(* G is the total length of the covering intervals lying to the left of x:
   it has total variation at most eps but grows at unit rate across every
   covering interval, hence to the right of every point of N. *)
Lemma null_set_gauge (N : R -> Prop) (eps : R) :
  null_set N -> 0 < eps ->
  exists G : R -> R, (forall x y, x <= y -> G x <= G y) /\
    (forall x, 0 <= G x <= eps) /\
    (forall x, N x -> exists r, x < r /\ forall y, x <= y <= r -> y - x <= G y - G x).
Proof.
  intros HN Heps; destruct (HN eps Heps) as (l & r & Hlr & Hcov & Hsum).
  set (F := fun K x => sum_f_R0 (fun k => len_upto (l k) (r k) x) K).
  assert (F_mono : forall K x y, x <= y -> F K x <= F K y)
    by (intros; apply sum_Rle; intros; now apply len_upto_mono).
  assert (F_incr : forall K K' x, (K <= K')%nat -> F K x <= F K' x)
    by (intros; apply sum_f_R0_le_mono; auto using len_upto_nonneg).
  assert (F_bound : forall K x, F K x <= eps).
  { intros K x; apply Rle_trans with (sum_f_R0 (fun k => r k - l k) K); [|apply Hsum].
    apply sum_Rle; intros; now apply len_upto_le. }
  assert (F_grow : forall n K x y, (n <= K)%nat -> l n <= x -> x <= y -> y <= r n ->
    y - x <= F K y - F K x).
  { intros n K x y HnK Hl Hxy Hr; unfold F; rewrite <- minus_sum.
    rewrite <- (len_upto_inside (l n) (r n) x y) by assumption.
    apply (sum_f_R0_ge_term (fun k => len_upto (l k) (r k) y - len_upto (l k) (r k) x));
      [intros k; pose proof (len_upto_mono (l k) (r k) x y Hxy); lra | exact HnK]. }
  destruct (pointwise_sup F eps F_bound) as (G & HG & HGlub).
  exists G; split; [|split].
  - intros x y Hxy; apply HGlub; intros K.
    apply Rle_trans with (F K y); [now apply F_mono | apply HG].
  - intros x; split; [|now apply HGlub].
    apply Rle_trans with (F 0%nat x); [apply len_upto_nonneg | apply HG].
  - intros x Hx; destruct (Hcov x Hx) as [n Hn]; exists (r n); split; [lra|].
    intros y Hy; enough (G x <= G y - (y - x)) by lra.
    apply HGlub; intros K.
    pose proof (F_incr K (Nat.max K n) x (Nat.le_max_l K n)).
    pose proof (F_grow n (Nat.max K n) x y (Nat.le_max_r K n) ltac:(lra) ltac:(lra) ltac:(lra)).
    pose proof (HG (Nat.max K n) y); lra.
Qed.

Definition lipschitz_on (s t : R) (f : R -> R) : Prop :=
  exists L, 0 <= L /\
    forall x y, s <= x <= t -> s <= y <= t -> Rabs (f x - f y) <= L * Rabs (x - y).

Lemma lipschitz_on_bounded s t f :
  s <= t -> lipschitz_on s t f -> exists B, forall x, s <= x <= t -> Rabs (f x) <= B.
Proof.
  intros Hst [L [HL Hf]]; exists (Rabs (f s) + L * (t - s)); intros x Hx.
  specialize (Hf x s Hx ltac:(lra)); rewrite (Rabs_right (x - s)) in Hf by lra.
  pose proof (Rabs_triang (f x - f s) (f s)) as Htri.
  replace (f x - f s + f s) with (f x) in Htri by ring.
  assert (L * (x - s) <= L * (t - s)) by (apply Rmult_le_compat_l; lra); lra.
Qed.

Lemma lipschitz_on_const s t k : lipschitz_on s t (fun _ => k).
Proof.
  exists 0; split; [lra|]; intros.
  replace (k - k) with 0 by ring; rewrite Rabs_R0; lra.
Qed.

Lemma lipschitz_on_plus s t f g :
  lipschitz_on s t f -> lipschitz_on s t g -> lipschitz_on s t (fun x => f x + g x).
Proof.
  intros [L1 [HL1 H1]] [L2 [HL2 H2]]; exists (L1 + L2); split; [lra|]; intros x y Hx Hy.
  specialize (H1 x y Hx Hy); specialize (H2 x y Hx Hy).
  replace (f x + g x - (f y + g y)) with ((f x - f y) + (g x - g y)) by ring.
  pose proof (Rabs_triang (f x - f y) (g x - g y)); lra.
Qed.

Lemma lipschitz_on_mult s t f g :
  s <= t -> lipschitz_on s t f -> lipschitz_on s t g -> lipschitz_on s t (fun x => f x * g x).
Proof.
  intros Hst Hf Hg.
  destruct (lipschitz_on_bounded s t f Hst Hf) as [Bf HBf].
  destruct (lipschitz_on_bounded s t g Hst Hg) as [Bg HBg].
  destruct Hf as [L1 [HL1 H1]], Hg as [L2 [HL2 H2]].
  assert (0 <= Bf) by (pose proof (HBf s ltac:(lra)); pose proof (Rabs_pos (f s)); lra).
  assert (0 <= Bg) by (pose proof (HBg s ltac:(lra)); pose proof (Rabs_pos (g s)); lra).
  exists (Bf * L2 + Bg * L1); split; [nra|]; intros x y Hx Hy.
  replace (f x * g x - f y * g y) with (f x * (g x - g y) + g y * (f x - f y)) by ring.
  pose proof (Rabs_triang (f x * (g x - g y)) (g y * (f x - f y))) as Htri.
  rewrite !Rabs_mult in Htri.
  assert (Rabs (f x) * Rabs (g x - g y) <= Bf * (L2 * Rabs (x - y)))
    by (apply Rmult_le_compat; auto using Rabs_pos).
  assert (Rabs (g y) * Rabs (f x - f y) <= Bg * (L1 * Rabs (x - y)))
    by (apply Rmult_le_compat; auto using Rabs_pos).
  lra.
Qed.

- [Work order]: Exactly as written, reproduce the lines of the data above from the first line through the line where "apply sum_Rle; intros; now apply len_upto_le." appears.

- [Written response]:
(* G is the total length of the covering intervals lying to the left of x:
   it has total variation at most eps but grows at unit rate across every
   covering interval, hence to the right of every point of N. *)
Lemma null_set_gauge (N : R -> Prop) (eps : R) :
  null_set N -> 0 < eps ->
  exists G : R -> R, (forall x y, x <= y -> G x <= G y) /\
    (forall x, 0 <= G x <= eps) /\
    (forall x, N x -> exists r, x < r /\ forall y, x <= y <= r -> y - x <= G y - G x).
Proof.
  intros HN Heps; destruct (HN eps Heps) as (l & r & Hlr & Hcov & Hsum).
  set (F := fun K x => sum_f_R0 (fun k => len_upto (l k) (r k) x) K).
  assert (F_mono : forall K x y, x <= y -> F K x <= F K y)
    by (intros; apply sum_Rle; intros; now apply len_upto_mono).
  assert (F_incr : forall K K' x, (K <= K')%nat -> F K x <= F K' x)
    by (intros; apply sum_f_R0_le_mono; auto using len_upto_nonneg).
  assert (F_bound : forall K x, F K x <= eps).
  { intros K x; apply Rle_trans with (sum_f_R0 (fun k => r k - l k) K); [|apply Hsum].
    apply sum_Rle; intros; now apply len_upto_le. }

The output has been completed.